Свет, да ты что? Какой он ребёнок? Ему двадцать шесть уже. Или двадцать семь, — я понял, что не могу вспомнить, какой сегодня год.
— Ничего вы в нём не поняли, — сказала она. — Он же мальчик совсем. Славный мальчик. Он же растеряется там, он же пропадет! Он только вид делает, что ему двадцать шесть. Это только физический возраст его, но мальчик он ещё… — она вздохнула, словно всхлипнула. — Будет время заходи. В БАНю. Я тебя теперь буду ждать. Ты придёшь? Со мной многие не хотят знаться. Теперь. Проходят, не здороваются.
— Светик!.. — сказал я и руку к груди приложил. Мы расстались.
И я в себя пришёл совсем. Моя голова проснулась, в ней мысли хлынули, словно прорвало плотину, которая взялась откуда-то, превратив жизнь в оторопь. Их было много, и ослабевшая моя голова не могла справиться с ними сразу, а выстроить и отделить разучилась. Это как поток людей, устремляющийся из зала кинотеатра, устремляющийся проскочить узкую дверь, и их тут так много, и всяких сразу. Тут и Пётр с Ильюшкой и Проворов, и все вроде бы по отдельности, будто это и не один человек, а множество. Тут и Света, и Олень с рогами (какой Олень?), и Толстиков, и Женя, и Якутия с Казачком Серёжей. Боже! Разведи!
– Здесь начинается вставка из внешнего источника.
From HB Require Import structures.
From mathcomp Require Import all_boot all_order all_algebra.
From mathcomp Require Import all_classical all_reals all_analysis.
From mathcomp Require Import complex.
From mathcomp Require Import ring lra.
Import Order.TTheory GRing.Theory Num.Theory.
Import numFieldNormedType.Exports.
Local Open Scope classical_set_scope.
Local Open Scope ring_scope.
Set Implicit Arguments. Unset Strict Implicit. Unset Printing Implicit Defensive.

(* Write A as the union over m of the sets S_m of sums of at most m products
   of factors of norm at most m.  By Baire's theorem the closure of some S_m
   contains a ball B(x0, r).  A character phi of norm N is bounded by m^3 N^2
   on S_m, hence on its closure, hence on B(x0, r); rescaling the unit ball
   into B(x0, r) gives N r / 2 <= 2 m^3 N^2, and since N > 0 this forces
   N >= r / (4 (m^3 + 1)): a bound that does not depend on phi. *)

Section RealNorm.
Variable R : realType.

(* Norms over the scalars R[i] take values in R[i]; their real parts carry the
   order structure needed by [lra]. *)
Definition rnorm {V : normedZmodType R[i]} (x : V) : R := complex.Re `|x|.

Section NormedZmod.
Variable V : normedZmodType R[i].
Implicit Types x y : V.

Lemma normr_rnorm x : `|x| = (rnorm x)%:C%C.
Proof. by rewrite RRe_real // ger0_real. Qed.

Lemma rnorm_ge0 x : 0 <= rnorm x.
Proof. by have := normr_ge0 x; rewrite lecE => /andP[]. Qed.

Lemma rnorm_gt0 x : (0 < rnorm x) = (x != 0).
Proof. by rewrite -normr_gt0 normr_rnorm ltcR. Qed.

Lemma rnorm0 : rnorm (0 : V) = 0.
Proof. by rewrite /rnorm normr0. Qed.

Lemma rnormN x : rnorm (- x) = rnorm x.
Proof. by rewrite /rnorm normrN. Qed.

Lemma rnormB x y : rnorm (x - y) = rnorm (y - x).
Proof. by rewrite /rnorm distrC. Qed.

Lemma rnormD x y : rnorm (x + y) <= rnorm x + rnorm y.
Proof. by have := ler_normD x y; rewrite lecE !raddfD => /andP[]. Qed.

End NormedZmod.

Lemma rnormZ (V : normedModType R[i]) (k : R[i]) (x : V) :
  rnorm (k *: x) = rnorm k * rnorm x.
Proof. by rewrite /rnorm normrZ (normr_rnorm k) (normr_rnorm x) -rmorphM. Qed.

Lemma ball_rnormE (V : normedModType R[i]) (x : V) (r : R) y :
  ball x r%:C%C y = (rnorm (x - y) < r).
Proof. by rewrite -ball_normE /ball_ /= normr_rnorm ltcR. Qed.

Lemma closure_rnormP (V : normedModType R[i]) (A : set V) y :
  closure A y <-> forall e : R, 0 < e -> exists2 s, A s & rnorm (y - s) < e.
Proof.
split=> [yA e e_gt0 | yA B /nbhs_ballP[e e_gt0 yeB]].
  have /nbhsx_ballx/yA[s [As]] : 0 < e%:C%C by rewrite ltcR.
  by rewrite ball_rnormE; exists s.
have eE : e = (complex.Re e)%:C%C by rewrite RRe_real // gtr0_real.
have [|s As ys] := yA (complex.Re e); first by rewrite -ltcR -eE.
by exists s; split => //; apply: yeB; rewrite eE ball_rnormE.
Qed.

Lemma rnormM (z w : R[i]) : rnorm (z * w) = rnorm z * rnorm w.
Proof. by rewrite /rnorm normrM (normr_rnorm z) (normr_rnorm w) -rmorphM. Qed.

Lemma rnormC (a : R) : rnorm a%:C%C = `|a|.
Proof. by rewrite /rnorm normc_def /= expr0n /= addr0 sqrtr_sqr. Qed.

Lemma rnorm_sum n (F : 'I_n -> R[i]) :
  rnorm (\sum_(i < n) F i) <= \sum_(i < n) rnorm (F i).
Proof.
elim/big_ind2: _ => [|z1 r1 z2 r2 le1 le2|//]; first by rewrite rnorm0.
exact: le_trans (rnormD _ _) (lerD le1 le2).
Qed.

End RealNorm.

Section LinearFunctional.
Variables (R : realType) (V : completeNormedModType R[i]) (phi : V -> R[i]).
Hypothesis phi_linear :
  forall (k : R[i]) (x y : V), phi (k *: x + y) = k * phi x + phi y.

Lemma phiD x y : phi (x + y) = phi x + phi y.
Proof. by have := phi_linear 1 x y; rewrite scale1r mul1r. Qed.

Lemma phi0 : phi 0 = 0.
Proof. by apply: (@addrI _ (phi 0)); rewrite -phiD !addr0. Qed.

Lemma phiZ k x : phi (k *: x) = k * phi x.
Proof. by rewrite -[k *: x]addr0 phi_linear phi0 addr0. Qed.

Lemma phi_sum n (F : 'I_n -> V) : phi (\sum_(i < n) F i) = \sum_(i < n) phi (F i).
Proof. exact: (big_morph phi phiD phi0). Qed.

Lemma functional_norm_ub x :
  rnorm x <= 1 -> ((rnorm (phi x))%:E <= functional_norm phi)%E.
Proof.
move=> x_le1; apply: ereal_sup_ubound; exists x => //=.
by rewrite normr_rnorm -[1]/(1%:C%C) lecR.
Qed.

Lemma functional_norm_ge0 : (0 <= functional_norm phi)%E.
Proof. by have := @functional_norm_ub 0; rewrite phi0 !rnorm0; apply. Qed.

Lemma functional_norm_le M :
  (forall x, rnorm x <= 1 -> rnorm (phi x) <= M) -> (functional_norm phi <= M%:E)%E.
Proof.
move=> phi_le; apply: ge_ereal_sup => _ [x /= x_le1 <-].
by rewrite lee_fin phi_le // -lecR -normr_rnorm.
Qed.

Lemma rnorm_functional_le N x :
  functional_norm phi = N%:E -> rnorm (phi x) <= N * rnorm x.
Proof.
move=> phiN; have [->|x_neq0] := eqVneq x 0; first by rewrite phi0 !rnorm0 mulr0.
have x_gt0 : 0 < rnorm x by rewrite rnorm_gt0.
have := @functional_norm_ub ((rnorm x)^-1%:C%C *: x).
rewrite phiN lee_fin phiZ rnormM !rnormZ !rnormC gtr0_norm ?invr_gt0 //.
rewrite mulVf ?gt_eqF // => /(_ (lexx _)).
by rewrite mulrC -ler_pdivlMr ?invr_gt0 // invrK.
Qed.

End LinearFunctional.

Section BoundedProducts.
Variables (R : realType) (V : completeNormedModType R[i]) (mul : V -> V -> V).

Definition bounded_products (m : nat) : set V :=
  [set x | exists n (a b : 'I_n -> V),
     [/\ (n <= m)%N, forall i, rnorm (a i) <= m%:R, forall i, rnorm (b i) <= m%:R
       & x = \sum_(i < n) mul (a i) (b i)]].

Lemma sq_span_bounded_products :
  (forall (k : R[i]) (a b : V), mul (k *: a) b = k *: mul a b) ->
  sq_span mul `<=` \bigcup_m bounded_products m.
Proof.
move=> mulZl _ [n [c [a [b ->]]]].
pose a' i := c i *: a i.
pose M := \sum_(i < n) (rnorm (a' i) + rnorm (b i)).
have le_M i : rnorm (a' i) + rnorm (b i) <= M.
  rewrite /M (bigD1 i) //= lerDl; apply: sumr_ge0 => j _.
  by rewrite addr_ge0 ?rnorm_ge0.
pose m := maxn n (Num.Def.truncn M).+1.
have M_le : M <= m%:R.
  by apply: le_trans (ltW (truncnS_gt M)) _; rewrite ler_nat leq_maxr.
exists m => //; exists n, a', b; split => [|i|i|]; first exact: leq_maxl.
- by have := le_M i; have := rnorm_ge0 (b i); lra.
- by have := le_M i; have := rnorm_ge0 (a' i); lra.
- by apply: eq_bigr => i _; rewrite mulZl.
Qed.

Section Character.
Variables (phi : V -> R[i]) (N : R).
Hypotheses (phi_char : is_character mul phi) (phiN : functional_norm phi = N%:E).

Let phi_linear : forall (k : R[i]) (x y : V), phi (k *: x + y) = k * phi x + phi y :=
  let: And3 lin _ _ := phi_char in lin.

Let N_ge0 : 0 <= N.
Proof. by have := functional_norm_ge0 phi_linear; rewrite phiN lee_fin. Qed.

Lemma character_bounded_products m s :
  bounded_products m s -> rnorm (phi s) <= m%:R ^+ 3 * N ^+ 2.
Proof.
move=> [n [a [b [n_le_m a_le b_le ->]]]].
have [_ phiM _] := phi_char.
have phi_le x : rnorm x <= m%:R -> rnorm (phi x) <= N * m%:R.
  move=> x_le; apply: le_trans (rnorm_functional_le phi_linear x phiN) _.
  exact: ler_wpM2l.
rewrite phi_sum //; apply: le_trans (rnorm_sum _) _.
apply: (@le_trans _ _ (\sum_(i < n) (N * m%:R) ^+ 2)).
  apply: ler_sum => i _; rewrite phiM rnormM expr2.
  by apply: ler_pM; rewrite ?rnorm_ge0 ?phi_le.
rewrite sumr_const card_ord -[_ *+ n]mulr_natl.
have -> : m%:R ^+ 3 * N ^+ 2 = m%:R * (N * m%:R) ^+ 2 :> R by ring.
by rewrite ler_wpM2r ?sqr_ge0 // ler_nat.
Qed.

Lemma character_closure_bounded_products m y :
  closure (bounded_products m) y -> rnorm (phi y) <= m%:R ^+ 3 * N ^+ 2.
Proof.
move=> /closure_rnormP y_cl; apply/ler_addgt0Pr => e e_gt0.
have N1_gt0 : 0 < N + 1 by have := N_ge0; lra.
have [s Ss ys] := y_cl (e / (N + 1)) (divr_gt0 e_gt0 N1_gt0).
rewrite -(subrK s y) phiD //; apply: le_trans (rnormD _ _) _.
rewrite addrC lerD ?character_bounded_products //.
apply: le_trans (rnorm_functional_le phi_linear _ phiN) _.
rewrite ltr_pdivlMr // in ys; have := rnorm_ge0 (y - s); nra.
Qed.

End Character.
End BoundedProducts.

Section Baire.
Variables (R : realType) (V : completeNormedModType R[i]).

Lemma nested_balls_meet (x : nat -> V) (r : nat -> R) :
  (forall k, 0 <= r k) ->
  (forall k, rnorm (x k.+1 - x k) + r k.+1 <= r k) ->
  (forall k, r k <= k.+1%:R^-1) ->
  exists l, forall k, rnorm (l - x k) <= r k.
Proof.
move=> r_ge0 r_nested r_small.
have nest k d : rnorm (x (k + d)%N - x k) + r (k + d)%N <= r k.
  elim: d => [|d IH]; first by rewrite addn0 subrr rnorm0 add0r.
  rewrite addnS; have := r_nested (k + d)%N.
  have := rnormD (x (k + d).+1 - x (k + d)%N) (x (k + d)%N - x k).
  rewrite addrA subrK; lra.
have x_cvg : cvg (x @ \oo).
  apply: cauchy_cvg; apply: cauchy_exP => e e_gt0.
  have eE : e = (complex.Re e)%:C%C by rewrite RRe_real // gtr0_real.
  have Re_gt0 : 0 < complex.Re e by rewrite -ltcR -eE.
  pose k := Num.Def.truncn (complex.Re e)^-1.
  have k_small : k.+1%:R^-1 < complex.Re e.
    by rewrite -ltf_pV2 ?posrE ?invr_gt0 // invrK truncnS_gt.
  exists (x k), k => // j /= k_le_j.
  rewrite eE ball_rnormE rnormB -(subnKC k_le_j).
  apply: le_lt_trans k_small; apply: le_trans (r_small k).
  by have := nest k (j - k)%N; have := r_ge0 (k + (j - k))%N; lra.
have /cvg_ex[l x_l] := x_cvg.
exists l => k; apply/ler_addgt0Pr => e e_gt0.
have /(cvgrPdist_lt _ _).1 : x @ \oo --> l := x_l.
move=> /(_ e%:C%C); rewrite ltcR => /(_ e_gt0) [j _ near_l].
have := near_l (k + j)%N (leq_addl _ _); rewrite /= normr_rnorm ltcR => l_near.
have := nest k j; have := r_ge0 (k + j)%N.
have := rnormD (l - x (k + j)%N) (x (k + j)%N - x k); rewrite addrA subrK; lra.
Qed.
У кинотеатра я подобрал билет с асфальта, мокрый и с первыми льдышками. На обороте был проштампован сеанс: 18–00, и ниже отштамповано: 20 октября 1973 год. Это, значит, шёл уже к концу семьдесят третий год, и в мире что-то творилось, происходило что-то в жизни, что-то с вами со всеми было — целый год!.. а меня с вами не было… Меня не было! Целый год.
За что?..
В половине двенадцатого стена возле кровати перестала дрожать звуками, и хаос в голове успокаиваться стал, и мысли разделились, распался их взбалмошный хор — я стал думать.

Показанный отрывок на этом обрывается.